UBS Securities sees the Reserve Bank of India (RBI) going in for policy normalisation in the second half of FY’22 (2021-22) as India makes rapid progress in its ongoing vaccination drive.

We expect policy normalisation as 36 per cent of the Indian population will get inoculated by end of this calendar year, if the current rate of 3.5 million doses per day were to be sustained, said Tanvee Gupta Jain—India Economist, UBS Securities.

‘Fragile economy’

“RBI cannot afford to do any policy normalisation now especially when economic recovery is fragile. However, we do expect the central bank to go in for policy normalisation in the second half of FY’22 to keep inflation pressures contained as well as preserving financial stability,” she said.

At a base case, the Monetary Policy Committee (MPC) will shift from an “accommodative” stance to a “neutral” policy stance in the December or March quarter of FY’22 and pursue 25-40 basis points reverse repo hike. “We are not expecting any policy rate hike in FY’22 or first half of FY ‘23. We are expecting a repo rate hike of 50 basis points in the second half of FY’23”, she said.

Also read: Economy expected to rebound strongly in 2021-22: RBI

RBI’s trilemma

Asked as to what could prompt the central bank to go in for policy normalisation in the second half of FY’22, Jain said that it would be difficult for the central bank to continue to manage the trilemma of keeping the cost of capital low, keeping Indian rupee stable and keeping inflationary pressure under control to preserve macroeconomic stability risk—manage all conflicting objectives at the same time.

Meanwhile, Jain said that UBS Securities had no immediate plans to revise its earlier GDP forecast of 11.5 per cent for 2921-22 despite the latest second wave of Covid-19 affecting the country.

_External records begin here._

Lemma explore_feat_cov (h : 'I_2) :
  feat_cov false (trans 0) explore (feat 0) h = (1/2)%:M.
Proof.
apply/matrixP => i j; rewrite /feat_cov summxE.
rewrite (eq_bigr (fun tau => traj_prob false (trans 0) explore tau *
  (feat 0 false (act tau h) i 0 * feat 0 false (act tau h) j 0))); last first.
  by move=> tau _; rewrite !mxE big_ord1 !mxE.
rewrite (explore_action_law h (fun a => feat 0 false a i 0 * feat 0 false a j 0)) ?normr0; last lra.
by rewrite !mxE /prob_true /=; case: i => [[|[|//]] ?]; case: j => [[|[|//]] ?] /=; field.
Qed.

Lemma explore_data_sum1 dl T : `|dl| <= 1/2 ->
  \sum_(D : data bool action 2 T) data_prob false (trans dl) explore D = 1.
Proof.
move=> small; apply: sum_data_prob.
have := explore_action_law ord0 (fun _ => 1) small.
by under eq_bigr do rewrite mulr1; move=> ->; field.
Qed.

Lemma explore_subopt_ge dl T (est : data bool action 2 T -> policy R bool action) :
  `|dl| <= 1/2 -> (forall D, is_policy 2 (est D)) ->
  `|dl| <= Num.max (exp_subopt false rew (trans dl) explore est)
                   (exp_subopt false rew (trans (- dl)) explore est).
Proof.
move=> small polest; apply: two_point_lower_bound => [D|D||D].
- apply: eq_bigr => t _; apply: traj_prob_eq_on_support => h s a s' _.
  by rewrite /explore /trans /prob_true; case: a.1; rewrite ?eqxx.
- by apply: data_prob_ge0; [exact: trans_kernel | exact: explore_policy].
- exact: explore_data_sum1.
- exact: subopt_sum_ge.
Qed.

Definition f_last : {ffun bool * action -> R} := [ffun sa => if sa.1 then 1 else 0].

Definition Fclass (eps : R) (n : nat) : seq {ffun bool * action -> R} :=
  match n with
  | 0 => [seq bellman (false, false) rew (trans dl) 0 f_last | dl <- [:: 0; eps; - eps]]
  | 1 => [:: f_last]
  | _ => [:: 0]
  end.

Lemma bellman_last P : bellman (false, false) rew P 1 0 = f_last.
Proof.
apply/ffunP => sa; rewrite !ffunE big1 ?addr0 // => s' _.
by rewrite (@maxA_cst _ _ _ _ 0) ?mulr0 // => a; rewrite ffunE.
Qed.

Lemma bellman_first dl sa :
  bellman (false, false) rew (trans dl) 0 f_last sa = rew 0 sa.1 sa.2 + prob_true dl sa.2.
Proof.
rewrite ffunE big_bool (@maxA_cst _ _ _ _ 1) => [|a]; last by rewrite ffunE.
by rewrite (@maxA_cst _ _ _ _ 0) => [|a]; rewrite ?ffunE // /trans /= mulr1 mulr0 addr0.
Qed.

Lemma Fclass_fun_class eps : `|eps| <= 1/2 -> fun_class 2 (Fclass eps).
Proof.
move=> small; split=> // -[|[|//]] _ f.
- case/mapP => dl dl_in -> sa; rewrite bellman_first.
  have small_dl : `|dl| <= 1/2.
    by move: dl_in; rewrite !inE => /or3P[] /eqP ->; rewrite ?normrN ?normr0 //; lra.
  have /andP[p_ge0 p_le1] := prob_true_bounds sa.2 small_dl.
  by rewrite /rew /=; case: ifP => _; apply/andP; split; lra.
- by rewrite inE => /eqP -> sa; rewrite ffunE; case: ifP => _; apply/andP; split; lra.
Qed.

Lemma Fclass_complete eps dl : dl \in [:: 0; eps; - eps] ->
  bellman_complete 2 (false, false) rew (trans dl) (Fclass eps).
Proof.
move=> dl_in [|[|//]] _ f; rewrite inE => /eqP ->; first by apply/mapP; exists dl.
by rewrite bellman_last inE.
Qed.

End HardInstance.

Unset Implicit Arguments.

Theorem proposition5 (R : realType) (eps_sim : R) :
  0 <= eps_sim -> eps_sim <= 1 / 2 ->
  exists (S A : finType) (a0 : A) (s1 : S) (H : nat) (r : reward R S A)
         (Psim P1 P2 : kernel R S A) (F : nat -> seq {ffun S * A -> R}) (d : nat),
    (* well-formed episodic MDPs sharing S, A, r, s1, H *)
    is_reward H r /\ is_kernel H Psim /\ is_kernel H P1 /\ is_kernel H P2 /\
    (* 1. closeness in TV *)
    (forall h, (h < H)%N -> forall s a,
        tv (P1 h s a) (Psim h s a) <= eps_sim /\
        tv (P2 h s a) (Psim h s a) <= eps_sim) /\
    (* real MDPs are low-rank of dimension d *)
    (exists phi mu, low_rank H (d:=d) P1 phi mu) /\
    (exists phi mu, low_rank H (d:=d) P2 phi mu) /\
    (* finite class F, Bellman complete w.r.t. sim and both real MDPs *)
    fun_class H F /\
    bellman_complete H a0 r Psim F /\ bellman_complete H a0 r P1 F /\
    bellman_complete H a0 r P2 F /\
    (* sim is low-rank with features phis, satisfies reachability, and 2. *)
    (exists (phis : S -> A -> 'cV[R]_d) (mus : nat -> S -> 'cV[R]_d),
       low_rank H (d:=d) Psim phis mus /\
       (exists lam, 0 < lam /\ reachable H s1 Psim phis lam) /\
       exists pi_exp : policy R S A,
         is_policy H pi_exp /\
         (forall h : 'I_H, is_lambda_min (feat_cov s1 Psim pi_exp phis h) (1 / 2)) /\
         forall (T : nat) (est : data S A H T -> policy R S A),
           (forall D, is_policy H (est D)) ->
           eps_sim <= Num.max (exp_subopt s1 r P1 pi_exp est)
                              (exp_subopt s1 r P2 pi_exp est)).
Proof.
move=> eps_ge0 eps_le; have eps_abs : `|eps_sim| = eps_sim := ger0_norm eps_ge0.
have small : `|eps_sim| <= 1/2 by rewrite eps_abs.
have smallN : `|- eps_sim| <= 1/2 by rewrite normrN.
have small0 : `|0 : R| <= 1/2 by rewrite normr0; lra.
exists bool, (bool * bool)%type, (false, false), false, 2%N, (@rew R),
  (trans 0), (trans eps_sim), (trans (- eps_sim)), (Fclass eps_sim), 2%N.
do 4 (split; first by [exact: rew_reward | exact: trans_kernel]).
split.
  by move=> h _ s a; split; apply: le_trans (tv_trans_le _ _ _ _) _; rewrite ?normrN eps_abs.
do 2 (split; first by eexists; eexists; exact: trans_low_rank).
split; first exact: Fclass_fun_class.
do 3 (split; first by apply: Fclass_complete; rewrite !inE eqxx ?orbT).
exists (feat 0), (mu_unit R); split; first exact: trans_low_rank.
have cov (h : 'I_2) : is_lambda_min (feat_cov false (trans 0) (explore R) (feat 0) h) (1 / 2).
  by rewrite explore_feat_cov; exact: is_lambda_min_scalar.
split.
  exists (1 / 2); split=> [|h]; first lra.
  by exists (explore R); split; [exact: explore_policy | exists (1 / 2)].
exists (explore R); split; [exact: explore_policy | split; first exact: cov].
by move=> T est polest; rewrite -[leLHS]eps_abs; exact: explore_subopt_ge.
Qed.
Lemma Phi_Psi (n : nat) (eta : R) : 0 < cos eta ->
  Phi n eta = Psi eta ((INR n - 1) * eta) + amod eta ^ n * sin eta.
Proof.
  intros H. unfold Phi, Psi. rewrite Cmod_a by exact H.
  replace ((INR n - 1) * eta - eta) with ((INR n - 2) * eta) by ring. ring.
Qed.

(* [amod eta ^ (n - 1) * sin (n * eta) = sin eta * sin_poly (amod eta ^ 2) n]: these are
   rescaled Chebyshev polynomials of the second kind. *)
Fixpoint sin_poly (t : R) (n : nat) : R :=
  match n with
  | O => 0
  | S m =>
      match m with
      | O => 1
      | S p => sin_poly t m - t * sin_poly t p
      end
  end.

Lemma z5_polynomial_signs (t : R) : 1 / 2 <= t -> t ^ 2 < 1 / 2 ->
  1 - 3 * t - t ^ 2 + 5 * t ^ 3 - t ^ 4 < 0 /\ 1 - 2 * t - 2 * t ^ 2 + 3 * t ^ 3 + t ^ 4 <= 0 /\
  1 - 4 * t + 3 * t ^ 2 <= 0 /\ 0 <= 1 + t - 4 * t ^ 2 + t ^ 3.
Proof.
  intros H1 H2. assert (t <= 7072 / 10000) by nra.
  assert (0 <= (t - 1 / 2) * (7072 / 10000 - t)) by nra.
  repeat split; nra.
Qed.

Section Orbit.

Variable eta : R.
Hypothesis Heta : 0 < eta < PI / 3.

Let s := amod eta.
Let c := c_ eta.

Let cos_gt_half : 1 / 2 < cos eta.
Proof.
  rewrite <- cos_PI3. assert (HPI := PI_RGT_0). apply cos_decreasing_1; lra.
Qed.

Let sin_pos : 0 < sin eta.
Proof. assert (HPI := PI_RGT_0). apply sin_gt_0; lra. Qed.

Let s_mul_cos : 2 * s * cos eta = 1.
Proof. apply amod_mul_cos. lra. Qed.

Let s_pos : 0 < s.
Proof. apply amod_pos. lra. Qed.

Let s_lt_1 : s < 1.
Proof. nra. Qed.

Let s4_lt_1 : s ^ 4 < 1.
Proof. apply pow_lt_1_compat; [lra | lia]. Qed.

Let c_mul : c * (1 - s ^ 4) = 1.
Proof. unfold c, c_. rewrite Cmod_a by lra. fold s. field. lra. Qed.
(* Removing [x] is injective on the members containing [x]; among the
   resulting sets at most one is empty and at most one is already in [F]. *)
Lemma laminar_card_setD1 F x : laminar F -> set0 \notin F ->
  #|F| <= #|[set A :\ x | A in F] :\ set0| + 2.
Proof.
move=> lamF F0; set F' := _ :\ set0.
set Fx := [set A : {set T} | x \in A]; set C := F :&: Fx; set N := F :\: Fx.
set D := [set A :\ x | A in C].
have eD : #|D| = #|C|.
  apply: card_in_imset => A B; rewrite !inE => /andP[_ xA] /andP[_ xB] eAB.
  by rewrite -(setD1K xA) -(setD1K xB) eAB.
have NF' : N \subset F'.
  apply/subsetP=> A; rewrite !inE => /andP[xA AF]; rewrite (contraNneq _ F0) => [|<- //].
  by apply/imsetP; exists A; rewrite // (setDidPl _) // disjoint_sym disjoints1.
have DF' : D :\ set0 \subset F'.
  apply/subsetP=> Y; rewrite !inE => /andP[Y0 /imsetP[A]]; rewrite !inE => /andP[AF _] eY.
  by rewrite Y0 eY; apply/imsetP; exists A.
have ND : #|N :&: (D :\ set0)| <= 1.
  apply/card_le1_eqP=> Y1 Y2; rewrite !inE => /and3P[/andP[_ Y1F] _ /imsetP[A1]].
  rewrite !inE => /andP[A1F xA1] eY1 /and3P[/andP[_ Y2F] _ /imsetP[A2]].
  rewrite !inE => /andP[A2F xA2] eY2; rewrite eY1 eY2 in Y1F Y2F *.
  exact: (laminar_setD1_inj lamF F0).
have eF : #|F| = #|C| + #|N| by rewrite cardsID.
have eD0 : #|D| = (set0 \in D) + #|D :\ set0| by rewrite -cardsD1.
have eND : #|N :|: (D :\ set0)| + #|N :&: (D :\ set0)| = #|N| + #|D :\ set0|.
  exact: cardsUI.
have ND' : #|N :|: (D :\ set0)| <= #|F'| by apply/subset_leq_card; rewrite subUset NF'.
have := leq_b1 (set0 \in D); lia.
Qed.
(* Consider the $16$ families of two-qubit hyperplane-states of $\mathcal{W}(3,2)$ associated with the $10$ grids $\mathcal{Q}_0,\dots,\mathcal{Q}_9$ and the $6$ ovoids $\mathcal{O}_1,\dots,\mathcal{O}_6$ of $\mathcal{W}(3,2)$, each restricted to states with maximally-mixed subsystems. Then: (i) the $\mathcal{Q}_0$-hyperplane states with maximally-mixed subsystems are exactly the general two-qubit states with maximally-mixed subsystems; (ii) the $\mathcal{Q}_i$-hyperplane states with maximally-mixed subsystems, $i=1,\dots,9$, correspond to the $X$-states of Group 2 with maximally-mixed subsystems. That is, for each $i$ there is a Group 2 point $p$ such that this family coincides with the family of type-$p$ $X$-states with maximally-mixed subsystems, and this gives a one-to-one correspondence between the $9$ grids $\mathcal{Q}_1,\dots,\mathcal{Q}_9$ and the $9$ Group 2 points; (iii) similarly, the $\mathcal{O}_i$-hyperplane states with maximally-mixed subsystems, $i=1,\dots,6$, correspond one-to-one to the $X$-states of Group 1 with maximally-mixed subsystems.
   Context: $\mathcal{W}(3,2)$ has: - points: the $15$ nontrivial two-qubit Pauli operators $A\otimes B$ ($A,B\in\{I,X,Y,Z\}$, not both $I$), taken with phase $+1$; - lines: triples $\{P,Q,PQ\}$ (up to phase) of pairwise commuting such operators. A geometric hyperplane is a set of points meeting every line either in the whole line or in exactly one point. There are $31$ of them: - $15$ perp-sets $H_p=\{q: q\text{ commutes with }p\}$; - $10$ grids, i.e. $9$-point hyperplanes carrying $6$ lines, $3$ points per line and $2$ lines per point; - $6$ ovoids, i.e. $5$ pairwise non-commuting points. $\mathcal{Q}_0=\{A\otimes B: A,B\in\{X,Y,Z\}\}$ is one of the grids; $\mathcal{Q}_1,\dots,\mathcal{Q}_9$ denote the other nine. $\mathcal{O}_1,\dots,\mathcal{O}_6$ denote the six ovoids. For a geometric hyperplane $H$, an $H$-hyperplane state is a two-qubit density matrix $\rho=\tfrac14(I\otimes I+\sum_{q\in H}c_q q)$ with real coefficients $c_q$. For a point $p$, the type-$p$ $X$-states are the $H_p$-hyperplane states. Group 1 points are $I\otimes X, I\otimes Y, I\otimes Z, X\otimes I, Y\otimes I, Z\otimes I$; Group 2 points are the nine $A\otimes B$ with $A,B\in\{X,Y,Z\}$. A state has maximally-mixed subsystems if both one-qubit reduced states equal $\tfrac12 I$, i.e. all coefficients of operators of the form $A\otimes I$ or $I\otimes B$ vanish. *)

From HB Require Import structures.
From mathcomp Require Import all_boot all_order all_algebra.
From mathcomp Require Import complex.
Set Implicit Arguments. Unset Strict Implicit. Unset Printing Implicit Defensive.
Import Order.TTheory GRing.Theory Num.Theory.
Local Open Scope ring_scope.
Local Open Scope complex_scope.
(* In the setting below, for all natural numbers $n,m\geq1$ with $n\neq m$, $M_n\cap M_m=\emptyset$.
   Context: Work in ZFA (ZF with a set $A$ of atoms, i.e. urelements that have no elements), extended by a primitive binary relation $\preccurlyeq$ on $A$, with Separation and Replacement holding for formulas mentioning $\preccurlyeq$. $A$ is an infinite set of atoms and $\preccurlyeq$ is a pre-ordering (reflexive, transitive) on $A$ with no minimal elements: for every $a\in A$ there is $b\in A$ with $b\preccurlyeq a$ and not $a\preccurlyeq b$. For $a\in A$, $pr(a)=\{b\in A:b\preccurlyeq a\}$; $LO(A,\preccurlyeq)$ is the set of nonempty $x\subseteq A$ with $pr(a)\subseteq x$ for all $a\in x$. For a set $X$ of sets, $LO(X,\subseteq)$ is the set of nonempty $x\subseteq X$ such that for every $y\in x$ and every $z\in X$ with $z\subseteq y$, $z\in x$. The magmatic hierarchy: $M_1=LO(A,\preccurlyeq)$ and $M_{n+1}=LO(M_n,\subseteq)$ for $n\geq1$. *)

(* A model of ZFA-sets (well-founded sets over a type A of
   atoms) as Aczel trees with extensional equality; classes are predicates. *)
From Stdlib Require Import List.

Set Implicit Arguments.

Inductive V (A : Type) : Type :=
| atom : A -> V A
| sup : forall Ix : Type, (Ix -> V A) -> V A.

Arguments atom {A} a.
Arguments sup {A} Ix f.

Fixpoint eqV {A : Type} (x : V A) : V A -> Prop :=
  match x with
  | atom a => fun y => match y with atom b => a = b | @sup _ _ _ => False end
  | @sup _ Ix f => fun y =>
      match y with
      | atom _ => False
      | @sup _ Jx g => (forall i : Ix, exists j : Jx, eqV (f i) (g j)) /\
                   (forall j : Jx, exists i : Ix, eqV (f i) (g j))
      end
  end.

Definition memV {A : Type} (x y : V A) : Prop :=
  match y with
  | atom _ => False
  | @sup _ Ix f => exists i : Ix, eqV x (f i)
  end.

Definition isSet {A : Type} (x : V A) : Prop :=
  match x with atom _ => False | @sup _ _ _ => True end.

Definition subV {A : Type} (z y : V A) : Prop :=
  forall w, memV w z -> memV w y.

Definition LO_atoms {A : Type} (le : A -> A -> Prop) (x : V A) : Prop :=
  isSet x /\ (exists w, memV w x) /\
  (forall w, memV w x -> exists a : A, eqV w (atom a)) /\
  (forall a b : A, memV (atom a) x -> le b a -> memV (atom b) x).

Definition LO_sub {A : Type} (X : V A -> Prop) (x : V A) : Prop :=
  isSet x /\ (exists w, memV w x) /\
  (forall w, memV w x -> X w) /\
  (forall y z, memV y x -> X z -> subV z y -> memV z x).

(* magmatic hierarchy: M 1 = LO(A,<=), M (n+1) = LO(M n, subseteq);
   M 0 is the empty class (unused) *)
Fixpoint M {A : Type} (le : A -> A -> Prop) (n : nat) : V A -> Prop :=
  match n with
  | 0 => fun _ => False
  | S k => match k with
           | 0 => LO_atoms le
           | S _ => LO_sub (M le k)
           end
  end.

(* Every element of some M_k is nonempty; members of elements of M_1 are atoms, while
   members of elements of M_(k+1) lie in M_k, hence are sets.  So a common element of
   M_(n+1) and M_(m+1) with n, m >= 1 has a member common to M_n and M_m, and descending
   in this way ends in M_1 and some M_(j+2), whose common element would have a member
   that is both an atom and a set. *)
From Stdlib Require Import List.

Section Magmatic.

Variables (A : Type) (le : A -> A -> Prop).

Lemma M_S_isSet j (x : V A) : M le (S j) x -> isSet x.
Proof. destruct j; intros [Hset _]; exact Hset. Qed.

Lemma M_S_nonempty j (x : V A) : M le (S j) x -> exists w, memV w x.
Proof. destruct j; intros [_ [Hne _]]; exact Hne. Qed.

Lemma M_1_mem_atom (x w : V A) : M le 1 x -> memV w x -> exists a, eqV w (atom a).
Proof. intros [_ [_ [Hatoms _]]]; exact (Hatoms w). Qed.

Lemma M_SS_mem (j : nat) (x w : V A) : M le (S (S j)) x -> memV w x -> M le (S j) w.
Proof. intros [_ [_ [Hmem _]]]; exact (Hmem w). Qed.

Lemma eqV_atom_not_isSet (w : V A) (a : A) : eqV w (atom a) -> ~ isSet w.
Proof. destruct w; simpl; tauto. Qed.

Lemma M_1_M_SS_disjoint j (x : V A) : ~ (M le 1 x /\ M le (S (S j)) x).
Proof.
  intros [H1 HSS].
  destruct (M_S_nonempty _ _ H1) as [w Hw].
  destruct (M_1_mem_atom _ _ H1 Hw) as [a Ha].
  exact (eqV_atom_not_isSet w a Ha (M_S_isSet j w (M_SS_mem j x w HSS Hw))).
Qed.

Lemma M_S_disjoint n : forall m, n <> m -> forall x : V A, ~ (M le (S n) x /\ M le (S m) x).
Proof.
  induction n as [|n IH]; intros [|m] Hnm x [Hn Hm]; try congruence.
  - exact (M_1_M_SS_disjoint m x (conj Hn Hm)).
  - exact (M_1_M_SS_disjoint n x (conj Hm Hn)).
  - destruct (M_S_nonempty _ _ Hn) as [w Hw].
    apply (IH m (fun E => Hnm (f_equal S E)) w).
    split; [exact (M_SS_mem n x w Hn Hw) | exact (M_SS_mem m x w Hm Hw)].
Qed.

End Magmatic.

Theorem lemma4p8 (A : Type) (le : A -> A -> Prop)
  (A_infinite : ~ exists l : list A, forall a : A, In a l)
  (le_refl : forall a, le a a)
  (le_trans : forall a b c, le a b -> le b c -> le a c)
  (no_min : forall a, exists b, le b a /\ ~ le a b)
  (n m : nat) (hn : 1 <= n) (hm : 1 <= m) (hnm : n <> m) :
  forall x : V A, ~ (M le n x /\ M le m x).
Proof.
  destruct n as [|n]; [inversion hn|].
  destruct m as [|m]; [inversion hm|].
  apply M_S_disjoint; congruence.
Qed.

“We will wait and watch to see what other States will do. The latest restrictions by Maharashtra will have an impact on GDP estimates, but we are not revising our estimate only because of this. Definitely, the likelihood of upside surprise that we were expecting a few months back has now been neutralised because of the resurgence in Covid-19 in recent weeks”, she said.

The run rate for vaccination in India has picked up from 0.4 million doses per day in February to 2.7 million doses per day on seven-day average. The last three days average in India has been 3.5 million per day. India is currently third to China on a seven-day moving average. While China is giving 4.6 million doses per day, the US is at 2.8 million doses per day.